Bu cümleyi günlük hayatımıza uyarlayabilir miyiz?
Eğer bu soruyu gerçekten düşünmeden kendimize sorarsak, kesinlikle “evet” yanıtını veririz. Bununla birlikte, bu cümlenin gerçekten ne anlama geldiğini düşündüğümüzde ve davranışlarımızı objektif bir şekilde analiz ettiğimizde, bazen tam tersini yaptığımızı fark ederiz.
Örneğin, acelemiz olduğunu ve uzun bir sırada beklediğimizi hayal edelim. Önümüzdeki insan başka bir işle uğraşırken, onun yerine geçiveriyoruz. Bu davranış, öndeki kişinin haklarını düşünmeden yapılır ve oldukça saygısızdır. Açıkçası, eğer biz o kişinin yerinde olsak son derece kızabilirdik.
Bununla birlikte, maalesef bu gibi olaylar gündelik yaşamda son derece normal bir hal aldı. Artık başkalarının haklarını, duygularını ve değerlerini düşünmüyoruz ve bunun sonucunda da başkalarının bize yapmasını istemediğimiz şekilde davranıyoruz.

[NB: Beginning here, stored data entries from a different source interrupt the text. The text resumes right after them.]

Lemma card_inversions_tperm_mul (g : {perm 'I_n}) (a b : 'I_n) : (a < b)%N -> (g b < g a)%N ->
  (#|inversions (tperm a b * g)| <= #|inversions g|)%N.
Proof.
move=> hab hg; set t := tperm a b.
pose f (pq : 'I_n * 'I_n) := if (t pq.1 < t pq.2)%N then (t pq.1, t pq.2) else pq.
rewrite -(card_in_imset (f := f)).
  apply/subset_leq_card/subsetP => _ /imsetP [[p q] hpq ->].
  move: hpq; rewrite /f !inE /= !permM => /andP [hpq h].
  case: ifP => hc /=; first by rewrite hc h.
  rewrite hpq /=; move: hpq hc h; rewrite /t.
  by case: tpermP => [->|->|/ord_neq_val ? /ord_neq_val ?];
    case: tpermP => [->|->|/ord_neq_val ? /ord_neq_val ?]; lia.
move=> [p q] [p' q']; rewrite !inE /= !permM /f /= => /andP [hpq _] /andP [hpq' _].
case: ifP => h1; case: ifP => h2 //.
- by case=> /perm_inj -> /perm_inj ->.
- by case=> e1 e2; move: h2; rewrite -e1 -e2 /t !tpermK hpq.
- by case=> e1 e2; move: h1; rewrite e1 e2 /t !tpermK hpq'.
Qed.

Lemma cox_len_sym g k : cox_len (sym_gens n) g k -> k = #|inversions g^-1|.
Proof.
case=> [[s [hs <- <-]] hmin]; apply/eqP; rewrite eqn_leq card_inversions_word // andbT.
by have [r [hr hwr hsz]] := word_of_inversions (wprod s); apply: leq_trans (hmin r hr hwr) hsz.
Qed.

Lemma sym_reflectionP t : t \in reflections [set: {perm 'I_n}] (sym_gens n) ->
  exists a b : 'I_n, (a < b)%N /\ t = tperm a b.
Proof.
case/imset2P => _ w /sym_gensP [i [j [hj ->]]] _ ->; rewrite tpermJ.
case: (ltngtP (w i) (w j)) => [hlt | hgt | /val_inj/perm_inj eij].
- by exists (w i), (w j).
- by exists (w j), (w i); rewrite tpermC.
- by move: hj; rewrite eij; lia.
Qed.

Kendinize yapılmasını istemediğiniz şeyi başkalarına yapmayın: her şey saygıdan ibaret
Saygı nedir? Saygı, hepimizin ailelerimizde işlediği ve önem verdiği bir değerdir. Çocuklara mutlaka saygılı olmayı öğretmek gerekir çünkü saygı toplum içerisindeki ilişkiler için gerekli olan önemli bir değerdir. Toplumun tüm üyeleri ile sağlıklı bir biçimde bir arada yaşayabilmek, uyuma olanak tanır.
Maalesef, ahlaki aşınma yüzünden saygıya verilen önem kaybolmaya başladı. Herkes kendi çıkarlarını başkalarının çıkarlarının önüne koymak istiyor. Bu saygı eksikliği, toplumun tüm katmanlarındaki insanlar arasında görülebiliyor.

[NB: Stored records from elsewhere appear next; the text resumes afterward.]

(* H(1, e, V)_{v,u} = delta_{v,u} V(v) - sum_{alpha : v ~ alpha + u} e_{(v, alpha+u)}.
   The neighbours (u, alpha) of (v, 0) in edge orbit k are: alpha = beta if
   E k = (v,u,beta), and alpha = -beta if E k = (u,v,beta); when u = v both occur
   (and are distinct since beta <> 0). *)
Definition H1 n d m (E : 'I_m -> edge_rep n d) : 'M[{mpoly int[nvars m n]}]_n :=
  \matrix_(v, u)
    ((v == u)%:R * V_var m v
     - \sum_(k < m) e_var n k *
         ((((E k).1.1 == v) && ((E k).1.2 == u))%:R
          + (((E k).1.1 == u) && ((E k).1.2 == v))%:R)).

Definition charM1 n d m (E : 'I_m -> edge_rep n d) : 'M[{mpoly int[nvars m n]}]_n :=
  lam_var m n *: 1%:M - H1 E.

Definition perm_term k N (A : 'M[{mpoly int[k]}]_N) (w : 'S_N) : {mpoly int[k]} :=
  \prod_(i < N) A i (w i).

Definition cancellation_free k N (A : 'M[{mpoly int[k]}]_N) : Prop :=
  forall w : 'S_N, perm_term A w != 0 ->
    {subset msupp (perm_term A w) <= msupp (\det A)}.

From mathcomp Require Import all_boot all_order all_algebra all_fingroup.
From mathcomp Require Import mpoly.
Set Implicit Arguments. Unset Strict Implicit. Unset Printing Implicit Defensive.
Import Order.TTheory GRing.Theory Num.Theory.
Local Open Scope ring_scope.

(* Every entry of M(1) is a linear form in the variables, so the coefficient of
   a monomial mu in det M(1) is a sum, over permutations w and choices of one
   variable in each entry M_{i,w(i)}, of signed products of entry coefficients.
   The monomial mu determines the rows in which -V(i) was chosen, the only
   negative coefficients, hence the sign of the product.  It also determines,
   for all j <> u, the number [w j = u] + [w u = j]: this is the degree of mu in
   the edge variables of the orbits joining j and u.  These numbers fix w up to
   reversing some of its cycles, hence fix the sign of w.  So all contributions
   to the coefficient of mu have the same sign and none of them cancel. *)

Definition perm_link (T : finType) (s : {perm T}) (x y : T) : nat :=
  ((s x == y) + (s y == x))%N.

Lemma perm_link_sum (T : finType) (s : {perm T}) x y :
  perm_link s x y = (\sum_i (((i == x) && (s i == y)) + ((i == y) && (s i == x))))%N.
Proof.
rewrite big_split /= (bigD1 x) //= eqxx big1 ?addn0 => [|i /negbTE-> //].
by rewrite (bigD1 y) //= eqxx big1 ?addn0 => [|i /negbTE-> //].
Qed.

Section PermLinks.
Variables (T : finType) (s s' : {perm T}).
Hypothesis links_eq : forall x y, x != y -> perm_link s x y = perm_link s' x y.

Lemma perm_fix_links x : (s x == x) = (s' x == x).
Proof.
have fix_imp (a b : {perm T}) :
    (forall y, y != x -> perm_link a x y = perm_link b x y) ->
    a x == x -> b x == x.
  move=> ab /eqP ax; apply/negPn/negP => bx.
  have abx : (a (b x) == x) = false by rewrite -{2}ax (inj_eq perm_inj) (negbTE bx).
  by have := ab _ bx; rewrite /perm_link ax abx eq_sym (negbTE bx) eqxx.
by apply/idP/idP; apply: fix_imp => y yx; rewrite links_eq // eq_sym.
Qed.

Lemma perm_disagree_inv x : s' x != s x -> s (s' x) = x.
Proof.
move=> ne; have s'x : s' x != x.
  apply: contra ne => fx; have sx := fx; rewrite -perm_fix_links in sx.
  by rewrite (eqP fx) (eqP sx).
have := links_eq s'x; rewrite /perm_link [s x == _]eq_sym (negbTE ne) eqxx /=.
by case: eqP => // _; case: (s' (s' x) == x).
Qed.

Lemma perm_disagree_stable x : s' x != s x -> s' (s x) != s (s x).
Proof.
move=> ne; apply/negP => /eqP e.
have sx : s x != x.
  apply: contra ne => fx; have s'x := fx; rewrite perm_fix_links in s'x.
  by rewrite (eqP fx) (eqP s'x).
have := links_eq sx; rewrite /perm_link eqxx (negbTE ne) e.
by move/addnI.
Qed.

Lemma odd_perm_links : odd_perm s = odd_perm s'.
Proof.
have rho_inj : injective (fun x => if s' x != s x then s x else x).
  move=> x y; case: (boolP (s' x != s x)) => Dx; case: (boolP (s' y != s y)) => Dy //.
  - exact: perm_inj.
  - by move=> sxy; case/negP: Dy; rewrite -sxy perm_disagree_stable.
  - by move=> xsy; case/negP: Dx; rewrite xsy perm_disagree_stable.
(* s' is the inverse of s on the s-stable set where they differ, so s = rho^2 s'
   where rho is s on that set and the identity elsewhere. *)
pose rho := perm rho_inj.
suff -> : s = (rho * rho * s')%g by rewrite !odd_permM addbb.
apply/permP => x; rewrite !permM !permE; cbv beta.
have [Dx|Ex] := boolP (s' x != s x); last by rewrite (negbTE Ex); move/negPn/eqP: Ex.
have Dsx := perm_disagree_stable Dx; rewrite Dsx.
by apply: (@perm_inj _ s); rewrite (perm_disagree_inv (perm_disagree_stable Dsx)).
Qed.

End PermLinks.

Lemma big_option (R : Type) (idx : R) (op : Monoid.com_law idx) (T : finType)
    (F : option T -> R) :
  \big[op/idx]_(t : option T) F t = op (F None) (\big[op/idx]_(x : T) F (Some x)).
Proof.
rewrite (bigD1 None) //=; congr (op _ _).
rewrite (@reindex_omap _ _ _ _ _ Some id) => [|[x|] //].
by apply: eq_bigl => x; rewrite eqxx.
Qed.

Lemma pair_count (T : eqType) (x y j u : T) : j != u ->
  ((x == j) && (y == u) || (x == u) && (y == j) : nat) =
  ((x == j) && (y == u) + (x == u) && (y == j))%N.
Proof.
move=> ju; case: (x =P j) => [->|_] //=.
by rewrite (negbTE ju) orbF addn0.
Qed.

Section LinearForms.
Variables (R : comNzRingType) (k : nat).

Lemma prod_linear_forms (I T : finType) (a : I -> T -> R) (x : I -> T -> 'I_k) :
  \prod_i \sum_t a i t *: 'X_(x i t) =
  \sum_(f : {ffun I -> T}) (\prod_i a i (f i)) *: 'X_[\sum_i U_(x i (f i))]
    :> {mpoly R[k]}.
Proof.
rewrite bigA_distr_bigA; apply: eq_bigr => f _.
under eq_bigr do rewrite -mul_mpolyC.
rewrite big_split /= -rmorph_prod mul_mpolyC; congr (_ *: _).
by rewrite (big_morph _ (@mpolyXD _ _) (@mpolyX0 _ _)).
Qed.

Lemma mcoeff_sumZX (J : finType) (F : J -> R) (mono : J -> 'X_{1..k}) mm :
  (\sum_j F j *: 'X_[mono j])@_mm = \sum_(j | mono j == mm) F j.
Proof.
rewrite raddf_sum [RHS]big_mkcond; apply: eq_bigr => j _.
by rewrite /= mcoeffZ mcoeffX; case: eqP; rewrite ?mulr1 ?mulr0.
Qed.

Lemma mcoeff_det N (A : 'M[{mpoly R[k]}]_N) mm :
  (\det A)@_mm = \sum_(s : 'S_N) (-1) ^+ s * (\prod_i A i (s i))@_mm.
Proof.
rewrite raddf_sum; apply: eq_bigr => s _.
by rewrite /= !mulr_sign; case: (odd_perm s); rewrite ?mcoeffN.
Qed.

End LinearForms.

Lemma sumr_neq0_same_sign (R : numDomainType) (I : finType) (P : pred I)
    (F : I -> R) i0 :
  P i0 -> F i0 != 0 -> (forall i, P i -> 0 <= F i0 * F i) ->
  \sum_(i | P i) F i != 0.
Proof.
move=> Pi0 Fi0 same_sign.
have pos : 0 < F i0 * \sum_(i | P i) F i.
  rewrite mulr_sumr (bigD1 i0) //=; apply: ltr_pwDl.
    by rewrite lt0r mulf_neq0 ?same_sign.
  by apply: sumr_ge0 => i /andP[/same_sign].
by apply: contraTneq pos => ->; rewrite mulr0 ltxx.
Qed.

Section CharacteristicMatrix.
Variables (n d m : nat) (E : 'I_m -> edge_rep n d).

(* A term of the entry (v, u) selects one of its variables: [None] is lambda,
   [Some None] is V(v) and [Some (Some k)] is e_k. *)
Local Notation term := (option (option 'I_m)).

Definition e_index (k : 'I_m) : 'I_(nvars m n) := lift ord0 (lshift n k).
Definition V_index (v : 'I_n) : 'I_(nvars m n) := lift ord0 (rshift m v).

“Bazıları bu cümlenin oldukça yüzeysel olduğunu düşünebilir. Bununla birlikte, kendine yapılmasını istemediğin bir şeyi başkasına da yapmamak insanlara saygı duyma ilkesinde dayanır.”

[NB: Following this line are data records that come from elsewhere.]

Definition Jgens (K : fieldType) (n : nat) : seq {mpoly K[n * n]} :=
  [seq Tsum K n i | i <- iota 1 n] ++
  [seq (Phi K n *m Phi K n) ij.1 ij.2 | ij <- enum {: 'I_n * 'I_n}].

From mathcomp Require Import all_boot all_order all_algebra.
From mathcomp Require Import mpoly perm.
From mathcomp Require Import ring zify.
Set Implicit Arguments. Unset Strict Implicit. Unset Printing Implicit Defensive.
Import GRing.Theory.
Local Open Scope ring_scope.

(* Write m = p - r, P = Phi[a; b], Q = Phi[a; :], S = Phi[:; b] and
   B(x) = [[P, Q], [S, x + Phi]].  Expanding det B(x) along the rows carrying
   x, its coefficient of x^(n-r) is Rel(r, p), while that of det (x + Phi) is
   T_r.  Left multiplication by a block matrix of determinant x^(2m) turns B(x)
   into [[x^2 P, 0], [S, x + Phi]] up to entries in the ideal generated by the
   entries of Phi^2, because Q S and Q Phi are blocks of Phi^2.  Comparing
   determinants and cancelling x^(2m) coefficientwise gives
   Rel(r, p) = det P * T_r modulo that ideal, and T_r lies in J. *)

Record ideal_pred (R : comPzRingType) (I : R -> Prop) : Prop := IdealPred {
  ideal0 : I 0;
  idealD : forall x y, I x -> I y -> I (x + y);
  idealMl : forall c x, I x -> I (c * x) }.

Definition mx_ideal (R : comPzRingType) (I : R -> Prop) m n (M : 'M[R]_(m, n)) :=
  forall i j, I (M i j).

Definition poly_ideal (R : comNzRingType) (I : R -> Prop) (q : {poly R}) :=
  forall k, I q`_k.

Section IdealTheory.
Variables (R : comPzRingType) (I : R -> Prop).
Hypothesis idI : ideal_pred I.

Lemma idealN x : I x -> I (- x).
Proof. by move=> Ix; rewrite -mulN1r; apply: (idealMl idI). Qed.

Lemma idealMr c x : I x -> I (x * c).
Proof. by move=> Ix; rewrite mulrC; apply: (idealMl idI). Qed.

Lemma ideal_sum (J : Type) (s : seq J) (P : pred J) (F : J -> R) :
  (forall j, P j -> I (F j)) -> I (\sum_(j <- s | P j) F j).
Proof.
move=> IF; elim/big_rec: _ => [|j x Pj Ix]; first exact: (ideal0 idI).
by apply: (idealD idI) => //; apply: IF.
Qed.

Lemma ideal_prodB (J : Type) (s : seq J) (P : pred J) (F G : J -> R) :
  (forall j, P j -> I (F j - G j)) ->
  I (\prod_(j <- s | P j) F j - \prod_(j <- s | P j) G j).
Proof.
move=> IFG; elim/big_rec2: _ => [|j y x Pj Ixy]; first by rewrite subrr; apply: (ideal0 idI).
have -> : F j * x - G j * y = F j * (x - y) + (F j - G j) * y by ring.
by apply: (idealD idI); [apply: (idealMl idI) | apply: idealMr; apply: IFG].
Qed.

Lemma ideal_detB k (A B : 'M[R]_k) : mx_ideal I (A - B) -> I (\det A - \det B).
Proof.
move=> IAB; rewrite -sumrB; apply: ideal_sum => s _.
rewrite -mulrBr; apply: (idealMl idI); apply: ideal_prodB => i _.
by move: (IAB i (s i)); rewrite !mxE.
Qed.

Lemma mx_ideal0 m n : mx_ideal I (0 : 'M_(m, n)).
Proof. by move=> i j; rewrite mxE; apply: (ideal0 idI). Qed.

Lemma mx_idealD m n (A B : 'M_(m, n)) :
  mx_ideal I A -> mx_ideal I B -> mx_ideal I (A + B).
Proof. by move=> IA IB i j; rewrite mxE; apply: (idealD idI). Qed.

Lemma mx_idealN m n (A : 'M_(m, n)) : mx_ideal I A -> mx_ideal I (- A).
Proof. by move=> IA i j; rewrite mxE; apply: idealN. Qed.

Lemma mx_idealZ m n c (A : 'M_(m, n)) : mx_ideal I A -> mx_ideal I (c *: A).
Proof. by move=> IA i j; rewrite mxE; apply: (idealMl idI). Qed.

Lemma mx_idealMr m n p (A : 'M_(m, n)) (B : 'M_(n, p)) :
  mx_ideal I A -> mx_ideal I (A *m B).
Proof. by move=> IA i j; rewrite mxE; apply: ideal_sum => k _; apply: idealMr. Qed.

Saygı olmayan bir toplumda yaşayabilir miyiz?
Diğer insanların duygularına saygılı olmak ve onlarla empati kurabilmek bizi daha iyi kişiler yapar. Eğer bu değerleri aklımızda tutarsak, uyumlu bir çevre yaratırız ve günlük yaşantımız da oldukça zevkli olur.
Öte yandan, eğer tam tersi şekilde davranırsak cehaleti, uyuşmazlıkları, saygısızlığı ve kargaşayı artırmış oluruz. Bu tip toplumlarda, bir arada yaşamak ve hayatta kalmak zordur.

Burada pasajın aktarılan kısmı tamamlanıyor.